If anything, I'd bet plain C is much simpler because it hasn't changed much, and is very unlikely to ever to anything very suprising on any future platform - which cannot be said of raw LLVM.

And of course shelling out is a a bit of a hassle, but hey; it's a well-trodden path on unix. It's not the fastest, greatest interop in the world, but it's good enough for a lot of things.

(and wow- terra sounds impressive!)

I agree with many of your points, in theory.

I'll just say that my views come mainly from experience, specifically ECL (Embeddable Common Lisp, a CL implementation) and (this was further back, so my memory is fuzzy) a tool for generating executables from Perl scripts.
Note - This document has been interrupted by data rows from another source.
(* Let $(\mathcal M^-,\mathcal M^+)$ and $(\mathcal N^-,\mathcal N^+)$ be symbolic matrix bisystems satisfying FPCC. If they are properly strong shift equivalent in 1-step, then they are strong shift equivalent in 1-step.
   Context: Formal sums/specifications: $\mathfrak S_\Sigma$ = finite formal sums over a finite alphabet; products of matrices over $C$ and $D$ are over $C\cdot D=\{cd\}$; a specification is a bijection from a subset of one alphabet (possibly of two-letter words) onto a subset of another; $\mathcal A\overset{\phi}{\simeq}\mathcal A'$ means $\mathcal A'$ is obtained by replacing each symbol (resp. two-letter word) $a$ of $\mathcal A$ by $\phi(a)$; $\kappa(ab)=ba$. Symbolic matrix bisystem over $\Sigma^\pm$: $(\mathcal M^-_{l,l+1},\mathcal M^+_{l,l+1})_{l\ge0}$, $m(l)\times m(l+1)$ matrices over $\mathfrak S_{\Sigma^-},\mathfrak S_{\Sigma^+}$, no zero rows/columns, no symbol repeated within an entry or a column, $\mathcal M^-_{l,l+1}\mathcal M^+_{l+1,l+2}\overset{\kappa}{\simeq}\mathcal M^+_{l,l+1}\mathcal M^-_{l+1,l+2}$. FPCC: $m(0)=1$, $\Sigma^-=\Sigma^+$, and for each $l\ge1,j$ the words in $[\mathcal M^-_{0,1}\cdots\mathcal M^-_{l-1,l}](1,j)$ are the reversals of those in $[\mathcal M^+_{0,1}\cdots\mathcal M^+_{l-1,l}](1,j)$. Properly strong shift equivalent in 1-step ($\mathcal M$ over $\Sigma_\mathcal M$, $\mathcal N$ over $\Sigma_\mathcal N$, sizes $m(l),n(l)$): alphabets $C,D$, specifications $\varphi:\Sigma_\mathcal M\to C\cdot D$, $\phi:\Sigma_\mathcal N\to D\cdot C$, matrices $\mathcal P_l$ ($c(l)\times d(l+1)$ over $C$), $\mathcal Q_l$ ($d(l)\times c(l+1)$ over $D$), $\mathcal X_l$ over $D$ ($d(l)\times d(l+1)$, $l$ odd; $c(l)\times c(l+1)$, $l$ even), $\mathcal Y_l$ over $C$ ($c(l)\times c(l+1)$, $l$ odd; $d(l)\times d(l+1)$, $l$ even) with $\mathcal M^+_{l,l+1}\overset{\varphi}{\simeq}\mathcal P_{2l}\mathcal Q_{2l+1}$, $\mathcal N^+_{l,l+1}\overset{\phi}{\simeq}\mathcal Q_{2l}\mathcal P_{2l+1}$, $\mathcal M^-_{l,l+1}\overset{\kappa\varphi}{\simeq}\mathcal X_{2l}\mathcal Y_{2l+1}$, $\mathcal N^-_{l,l+1}\overset{\kappa\phi}{\simeq}\mathcal Y_{2l}\mathcal X_{2l+1}$, $\mathcal Y_{2l+1}\mathcal P_{2l+2}\overset{\kappa}{\simeq}\mathcal P_{2l+1}\mathcal Y_{2l+2}$, $\mathcal X_{2l+1}\mathcal Q_{2l+2}\overset{\kappa}{\simeq}\mathcal Q_{2l+1}\mathcal X_{2l+2}$, $\mathcal X_{2l}\mathcal P_{2l+1}\overset{\kappa}{\simeq}\mathcal P_{2l}\mathcal X_{2l+1}$, $\mathcal Y_{2l}\mathcal Q_{2l+1}\overset{\kappa}{\simeq}\mathcal Q_{2l}\mathcal Y_{2l+1}$ for all $l\ge0$. Strong shift equivalent in 1-step (for symbolic matrix bisystems $\mathcal M$ over $\Sigma^\pm_\mathcal M$, $\mathcal N$ over $\Sigma^\pm_\mathcal N$): there exist alphabets $C,D$, specifications $\varphi_1:\Sigma^-_\mathcal M\cdot\Sigma^+_\mathcal M\to C\cdot D$, $\varphi_2:\Sigma^-_\mathcal N\cdot\Sigma^+_\mathcal N\to D\cdot C$, $\phi^\pm_C:\Sigma^\pm_\mathcal M\cdot C\to C\cdot\Sigma^\pm_\mathcal N$, $\phi^\pm_D:\Sigma^\pm_\mathcal N\cdot D\to D\cdot\Sigma^\pm_\mathcal M$, and for each $l$ an $m(l)\times n(l+1)$ matrix $\mathcal H_l$ over $C$ and an $n(l)\times m(l+1)$ matrix $\mathcal K_l$ over $D$ with $\mathcal M^-_{l,l+1}\mathcal M^+_{l+1,l+2}\overset{\varphi_1}{\simeq}\mathcal H_l\mathcal K_{l+1}$, $\mathcal N^-_{l,l+1}\mathcal N^+_{l+1,l+2}\overset{\varphi_2}{\simeq}\mathcal K_l\mathcal H_{l+1}$, $\mathcal M^+_{l,l+1}\mathcal H_{l+1}\overset{\phi^+_C}{\simeq}\mathcal H_l\mathcal N^+_{l+1,l+2}$, $\mathcal N^+_{l,l+1}\mathcal K_{l+1}\overset{\phi^+_D}{\simeq}\mathcal K_l\mathcal M^+_{l+1,l+2}$, $\mathcal M^-_{l,l+1}\mathcal H_{l+1}\overset{\phi^-_C}{\simeq}\mathcal H_l\mathcal N^-_{l+1,l+2}$, $\mathcal N^-_{l,l+1}\mathcal K_{l+1}\overset{\phi^-_D}{\simeq}\mathcal K_l\mathcal M^-_{l+1,l+2}$. *)

From HB Require Import structures.
From mathcomp Require Import all_boot.
Set Implicit Arguments. Unset Strict Implicit. Unset Printing Implicit Defensive.

(* A finite formal sum over a finite alphabet A (element of S_A):
   a coefficient (multiplicity) for each symbol. *)
Definition fsum (A : finType) := A -> nat.

(* A matrix over S_A, indexed by natural numbers; its dimensions are carried
   separately and only entries (i,j) with i < rows, j < cols are meaningful. *)
Definition mat (A : finType) := nat -> nat -> fsum A.

Definition mmul (A B : finType) (n : nat) (X : mat A) (Y : mat B) : mat (A * B)%type :=
  fun i k p => \sum_(j < n) X i j p.1 * Y j k p.2.

(* A specification: a bijection from a subset of A onto a subset of B,
   modelled as a partial injective map. *)
Definition is_spec (A B : finType) (f : A -> option B) : Prop :=
  forall a a' b, f a = Some b -> f a' = Some b -> a = a'.

(* X (r x s over A)  ~~f~~  Y (r' x s' over B): Y has the same shape as X
   and is obtained from X by replacing each symbol a by f a (all symbols
   occurring in X lie in the domain of f). *)
Definition sim (A B : finType) (f : A -> option B)
  (r s : nat) (X : mat A) (r' s' : nat) (Y : mat B) : Prop :=
  r = r' /\ s = s' /\
  forall i j, i < r -> j < s ->
    (forall a, 0 < X i j a -> f a <> None) /\
    (forall b, Y i j b = \sum_(a | f a == Some b) X i j a).

Definition kappa (A B : finType) (p : (A * B)%type) : option (B * A)%type :=
  Some (p.2, p.1).

Definition kcomp (S A B : finType) (f : S -> option (A * B)%type) : S -> option (B * A)%type :=
  fun a => match f a with Some p => Some (p.2, p.1) | None => None end.

(* Symbolic matrix bisystem (M^-_{l,l+1}, M^+_{l,l+1})_l over Sigma^-, Sigma^+
   with sizes m(l). *)
Definition symbolic (A : finType) (m : nat -> nat) (M : nat -> mat A) : Prop :=
  forall l,
    (forall i, i < m l -> exists j, j < m l.+1 /\ exists a, 0 < M l i j a) /\
    (forall j, j < m l.+1 -> exists i, i < m l /\ exists a, 0 < M l i j a) /\
    (* no symbol repeated within an entry or within a column *)
    (forall j a, j < m l.+1 -> \sum_(i < m l) M l i j a <= 1).

Definition is_bisystem (Sm Sp : finType) (m : nat -> nat)
  (Mm : nat -> mat Sm) (Mp : nat -> mat Sp) : Prop :=
  symbolic m Mm /\ symbolic m Mp /\
  forall l,
    sim (@kappa Sm Sp) (m l) (m l.+2) (mmul (m l.+1) (Mm l) (Mp l.+1))
                       (m l) (m l.+2) (mmul (m l.+1) (Mp l) (Mm l.+1)).

(* Formal sum of words in [M_{0,1} ... M_{l-1,l}](i,j). *)
Fixpoint wprod (S : finType) (m : nat -> nat) (M : nat -> mat S)
  (l : nat) (i j : nat) (w : seq S) : nat :=
  match l with
  | 0 => ((w == [::]) && (i == j) : nat)
  | l'.+1 =>
      match rev w with
      | [::] => 0
      | a :: rw => \sum_(k < m l') wprod m M l' i k (rev rw) * M l' k j a
      end
  end.

(* FPCC (for a bisystem with Sigma^- = Sigma^+ = S); row index "1" is 0. *)
Definition FPCC (S : finType) (m : nat -> nat) (Mm Mp : nat -> mat S) : Prop :=
  m 0 = 1 /\
  forall l j (w : seq S), 1 <= l -> j < m l ->
    (0 < wprod m Mm l 0 j w) = (0 < wprod m Mp l 0 j (rev w)).

Definition pSSE1 (SM SN : finType)
  (m : nat -> nat) (Mm Mp : nat -> mat SM)
  (n : nat -> nat) (Nm Np : nat -> mat SN) : Prop :=
  exists (C D : finType) (phi : SM -> option (C * D)%type)
         (psi : SN -> option (D * C)%type) (c d : nat -> nat)
         (P : nat -> mat C) (Q : nat -> mat D)
         (X : nat -> mat D) (Y : nat -> mat C),
    is_spec phi /\ is_spec psi /\
    forall l,
      sim phi (m l) (m l.+1) (Mp l)
          (c l.*2) (c l.*2.+2) (mmul (d l.*2.+1) (P l.*2) (Q l.*2.+1)) /\
      sim psi (n l) (n l.+1) (Np l)
          (d l.*2) (d l.*2.+2) (mmul (c l.*2.+1) (Q l.*2) (P l.*2.+1)) /\
      sim (kcomp phi) (m l) (m l.+1) (Mm l)
          (c l.*2) (c l.*2.+2) (mmul (c l.*2.+1) (X l.*2) (Y l.*2.+1)) /\
      sim (kcomp psi) (n l) (n l.+1) (Nm l)
          (d l.*2) (d l.*2.+2) (mmul (d l.*2.+1) (Y l.*2) (X l.*2.+1)) /\
      sim (@kappa C C)
          (c l.*2.+1) (d l.*2.+3) (mmul (c l.*2.+2) (Y l.*2.+1) (P l.*2.+2))
          (c l.*2.+1) (d l.*2.+3) (mmul (d l.*2.+2) (P l.*2.+1) (Y l.*2.+2)) /\
      sim (@kappa D D)
          (d l.*2.+1) (c l.*2.+3) (mmul (d l.*2.+2) (X l.*2.+1) (Q l.*2.+2))
          (d l.*2.+1) (c l.*2.+3) (mmul (c l.*2.+2) (Q l.*2.+1) (X l.*2.+2)) /\
      sim (@kappa D C)
          (c l.*2) (d l.*2.+2) (mmul (c l.*2.+1) (X l.*2) (P l.*2.+1))
          (c l.*2) (d l.*2.+2) (mmul (d l.*2.+1) (P l.*2) (X l.*2.+1)) /\
      sim (@kappa C D)
          (d l.*2) (c l.*2.+2) (mmul (d l.*2.+1) (Y l.*2) (Q l.*2.+1))
          (d l.*2) (c l.*2.+2) (mmul (c l.*2.+1) (Q l.*2) (Y l.*2.+1)).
I don't think I'm using an especially unusual setup, or unusual compilers, and I would guess that these tools probably target a very narrow subset of C. Despite this, my experience with these sorts of tools has been anything but "works out of the box". On the contrary, there appear to be a great number of degrees of freedom, even with standard-ish setups, that can trip up these tools. Because of the additional layers of abstraction, the error messages you get are very poor. Some header file is missing or in an unexpected place, or worse some generated code fails to compile. As an end-user, it's basically impossible to debug these in a reasonable way.

You can certainly have internal errors using LLVM, but in my experience fewer of them are platform-dependent. Therefore there is a greater chance that something that works for the developer will work for the user. Also, if error handling is done properly, if a failure does occur it can often mapped back to the original source program. This is much better as far as usability goes, since the user almost never wants to debug some compiler's generated code.

> The main place where LLVM bites you is compatibility. There simply is none. This is a constaint drain on your resources and a lot of projects can't afford to keep up. There is even a project on LLVM's own home page which is was on 3.4 for a long time and has just recently upgraded to 3.8 [2].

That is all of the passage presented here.